→ What you are asked to do
Lines holding the word "Prop" are the ones to copy from the data below.

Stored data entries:
——

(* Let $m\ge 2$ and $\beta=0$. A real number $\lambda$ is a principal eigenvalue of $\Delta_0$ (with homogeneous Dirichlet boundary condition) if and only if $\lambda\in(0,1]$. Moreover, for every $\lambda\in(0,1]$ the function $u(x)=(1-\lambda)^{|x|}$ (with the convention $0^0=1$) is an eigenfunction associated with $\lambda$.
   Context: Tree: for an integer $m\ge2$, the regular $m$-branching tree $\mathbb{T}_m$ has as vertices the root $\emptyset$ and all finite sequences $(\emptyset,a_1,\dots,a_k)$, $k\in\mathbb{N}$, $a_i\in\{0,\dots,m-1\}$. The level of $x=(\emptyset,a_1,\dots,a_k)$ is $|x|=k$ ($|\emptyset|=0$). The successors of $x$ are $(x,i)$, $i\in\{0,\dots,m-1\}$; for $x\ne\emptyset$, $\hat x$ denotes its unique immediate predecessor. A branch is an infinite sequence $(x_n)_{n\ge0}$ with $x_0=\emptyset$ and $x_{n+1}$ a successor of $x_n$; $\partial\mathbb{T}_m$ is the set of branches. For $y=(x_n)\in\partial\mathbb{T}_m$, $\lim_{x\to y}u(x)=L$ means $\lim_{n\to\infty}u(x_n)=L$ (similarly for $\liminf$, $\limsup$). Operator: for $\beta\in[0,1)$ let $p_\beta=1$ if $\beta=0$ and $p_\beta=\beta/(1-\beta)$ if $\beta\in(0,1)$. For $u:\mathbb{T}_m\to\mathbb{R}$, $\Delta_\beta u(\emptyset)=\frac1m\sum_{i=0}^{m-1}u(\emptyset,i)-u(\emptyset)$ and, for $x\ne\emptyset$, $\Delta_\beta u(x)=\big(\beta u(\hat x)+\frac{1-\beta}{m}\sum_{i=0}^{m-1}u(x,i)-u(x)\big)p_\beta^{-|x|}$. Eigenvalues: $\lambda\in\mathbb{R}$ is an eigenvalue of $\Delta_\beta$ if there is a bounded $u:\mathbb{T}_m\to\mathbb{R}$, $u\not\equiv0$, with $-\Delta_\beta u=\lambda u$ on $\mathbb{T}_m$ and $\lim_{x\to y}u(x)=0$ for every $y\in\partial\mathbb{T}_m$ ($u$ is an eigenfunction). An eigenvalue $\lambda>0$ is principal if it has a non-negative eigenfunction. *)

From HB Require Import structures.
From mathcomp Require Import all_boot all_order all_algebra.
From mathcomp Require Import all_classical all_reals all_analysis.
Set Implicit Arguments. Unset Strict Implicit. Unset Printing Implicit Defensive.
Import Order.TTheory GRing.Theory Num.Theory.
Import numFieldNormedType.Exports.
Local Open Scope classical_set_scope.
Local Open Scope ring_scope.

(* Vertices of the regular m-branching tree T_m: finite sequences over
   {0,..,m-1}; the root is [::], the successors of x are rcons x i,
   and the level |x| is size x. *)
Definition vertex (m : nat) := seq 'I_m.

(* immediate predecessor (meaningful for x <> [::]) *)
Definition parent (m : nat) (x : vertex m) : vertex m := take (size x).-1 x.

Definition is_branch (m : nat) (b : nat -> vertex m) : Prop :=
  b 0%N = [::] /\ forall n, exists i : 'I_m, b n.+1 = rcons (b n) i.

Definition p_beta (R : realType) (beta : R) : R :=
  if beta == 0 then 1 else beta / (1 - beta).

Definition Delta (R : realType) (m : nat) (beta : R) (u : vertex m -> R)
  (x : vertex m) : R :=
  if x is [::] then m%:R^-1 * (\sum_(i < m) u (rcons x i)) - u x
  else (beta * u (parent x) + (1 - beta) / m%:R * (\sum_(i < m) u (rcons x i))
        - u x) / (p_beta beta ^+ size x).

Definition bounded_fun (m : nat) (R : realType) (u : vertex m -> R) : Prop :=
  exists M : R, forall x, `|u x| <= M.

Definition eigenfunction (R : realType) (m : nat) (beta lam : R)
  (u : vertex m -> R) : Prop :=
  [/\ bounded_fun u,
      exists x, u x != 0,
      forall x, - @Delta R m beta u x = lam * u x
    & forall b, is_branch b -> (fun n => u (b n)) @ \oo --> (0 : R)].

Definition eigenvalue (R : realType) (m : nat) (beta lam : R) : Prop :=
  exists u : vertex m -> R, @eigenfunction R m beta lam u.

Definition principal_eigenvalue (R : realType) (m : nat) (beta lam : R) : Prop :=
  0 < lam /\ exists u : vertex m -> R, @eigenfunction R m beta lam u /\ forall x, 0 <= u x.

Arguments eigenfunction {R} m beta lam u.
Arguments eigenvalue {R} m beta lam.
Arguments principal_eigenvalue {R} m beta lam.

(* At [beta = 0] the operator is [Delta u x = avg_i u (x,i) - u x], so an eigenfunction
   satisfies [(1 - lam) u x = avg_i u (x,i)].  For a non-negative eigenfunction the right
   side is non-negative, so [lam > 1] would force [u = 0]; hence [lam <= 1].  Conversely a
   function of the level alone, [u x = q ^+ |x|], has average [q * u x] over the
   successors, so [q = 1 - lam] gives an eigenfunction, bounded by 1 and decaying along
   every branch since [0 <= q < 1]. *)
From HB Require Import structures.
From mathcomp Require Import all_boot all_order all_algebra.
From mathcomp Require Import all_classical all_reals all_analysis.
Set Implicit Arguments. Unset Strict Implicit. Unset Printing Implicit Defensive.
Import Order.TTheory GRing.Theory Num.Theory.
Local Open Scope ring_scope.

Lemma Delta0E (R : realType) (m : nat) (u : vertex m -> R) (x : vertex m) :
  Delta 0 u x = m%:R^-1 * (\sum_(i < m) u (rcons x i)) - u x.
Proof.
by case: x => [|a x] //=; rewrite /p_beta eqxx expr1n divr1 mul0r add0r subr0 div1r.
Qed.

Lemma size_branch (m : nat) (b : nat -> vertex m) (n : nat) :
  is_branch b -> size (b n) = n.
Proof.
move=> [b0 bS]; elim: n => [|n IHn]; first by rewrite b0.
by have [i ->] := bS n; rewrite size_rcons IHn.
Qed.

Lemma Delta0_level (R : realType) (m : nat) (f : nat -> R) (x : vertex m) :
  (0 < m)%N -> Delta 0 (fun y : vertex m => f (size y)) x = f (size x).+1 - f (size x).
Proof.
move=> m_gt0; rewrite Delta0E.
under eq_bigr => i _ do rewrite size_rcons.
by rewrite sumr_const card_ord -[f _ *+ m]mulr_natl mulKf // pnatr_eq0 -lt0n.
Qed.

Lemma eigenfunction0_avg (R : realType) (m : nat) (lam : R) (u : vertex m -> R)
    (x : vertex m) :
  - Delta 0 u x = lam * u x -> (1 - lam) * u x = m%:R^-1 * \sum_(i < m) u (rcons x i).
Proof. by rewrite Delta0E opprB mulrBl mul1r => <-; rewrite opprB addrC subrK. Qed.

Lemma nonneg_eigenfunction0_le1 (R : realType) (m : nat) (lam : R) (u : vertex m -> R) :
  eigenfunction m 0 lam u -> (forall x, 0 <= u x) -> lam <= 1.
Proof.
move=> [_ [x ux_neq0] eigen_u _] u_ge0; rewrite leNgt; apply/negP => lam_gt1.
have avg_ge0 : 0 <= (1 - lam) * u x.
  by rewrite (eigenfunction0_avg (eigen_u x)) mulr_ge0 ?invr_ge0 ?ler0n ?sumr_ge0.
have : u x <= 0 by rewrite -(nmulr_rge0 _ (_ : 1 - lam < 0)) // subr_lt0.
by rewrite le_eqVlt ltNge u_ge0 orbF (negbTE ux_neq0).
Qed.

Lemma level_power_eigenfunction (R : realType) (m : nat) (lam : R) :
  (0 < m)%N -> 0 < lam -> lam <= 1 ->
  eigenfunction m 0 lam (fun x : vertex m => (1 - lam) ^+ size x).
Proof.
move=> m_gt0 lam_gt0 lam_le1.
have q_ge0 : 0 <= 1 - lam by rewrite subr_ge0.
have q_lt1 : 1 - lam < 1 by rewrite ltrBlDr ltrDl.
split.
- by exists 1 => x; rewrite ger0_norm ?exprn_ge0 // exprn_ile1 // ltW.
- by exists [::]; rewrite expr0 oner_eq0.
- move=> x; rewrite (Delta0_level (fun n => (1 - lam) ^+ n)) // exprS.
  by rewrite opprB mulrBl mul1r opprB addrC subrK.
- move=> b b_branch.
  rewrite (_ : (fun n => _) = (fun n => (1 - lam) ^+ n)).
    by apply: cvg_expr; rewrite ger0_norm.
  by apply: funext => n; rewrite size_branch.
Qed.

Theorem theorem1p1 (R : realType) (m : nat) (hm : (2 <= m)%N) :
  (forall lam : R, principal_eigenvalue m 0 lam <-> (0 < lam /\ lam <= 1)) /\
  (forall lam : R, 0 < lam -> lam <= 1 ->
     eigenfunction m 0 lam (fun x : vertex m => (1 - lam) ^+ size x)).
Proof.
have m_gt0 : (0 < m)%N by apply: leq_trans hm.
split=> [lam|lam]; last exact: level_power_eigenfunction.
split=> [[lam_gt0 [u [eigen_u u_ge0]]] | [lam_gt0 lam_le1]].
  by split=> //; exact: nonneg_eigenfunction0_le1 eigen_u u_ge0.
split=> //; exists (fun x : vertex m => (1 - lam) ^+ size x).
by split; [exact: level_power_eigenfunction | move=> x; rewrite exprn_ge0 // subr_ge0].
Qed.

——

→ Written answer
Definition is_branch (m : nat) (b : nat -> vertex m) : Prop :=
Definition bounded_fun (m : nat) (R : realType) (u : vertex m -> R) : Prop :=
  (u : vertex m -> R) : Prop :=
Definition eigenvalue (R : realType) (m : nat) (beta lam : R) : Prop :=
Definition principal_eigenvalue (R : realType) (m : nat) (beta lam : R) : Prop :=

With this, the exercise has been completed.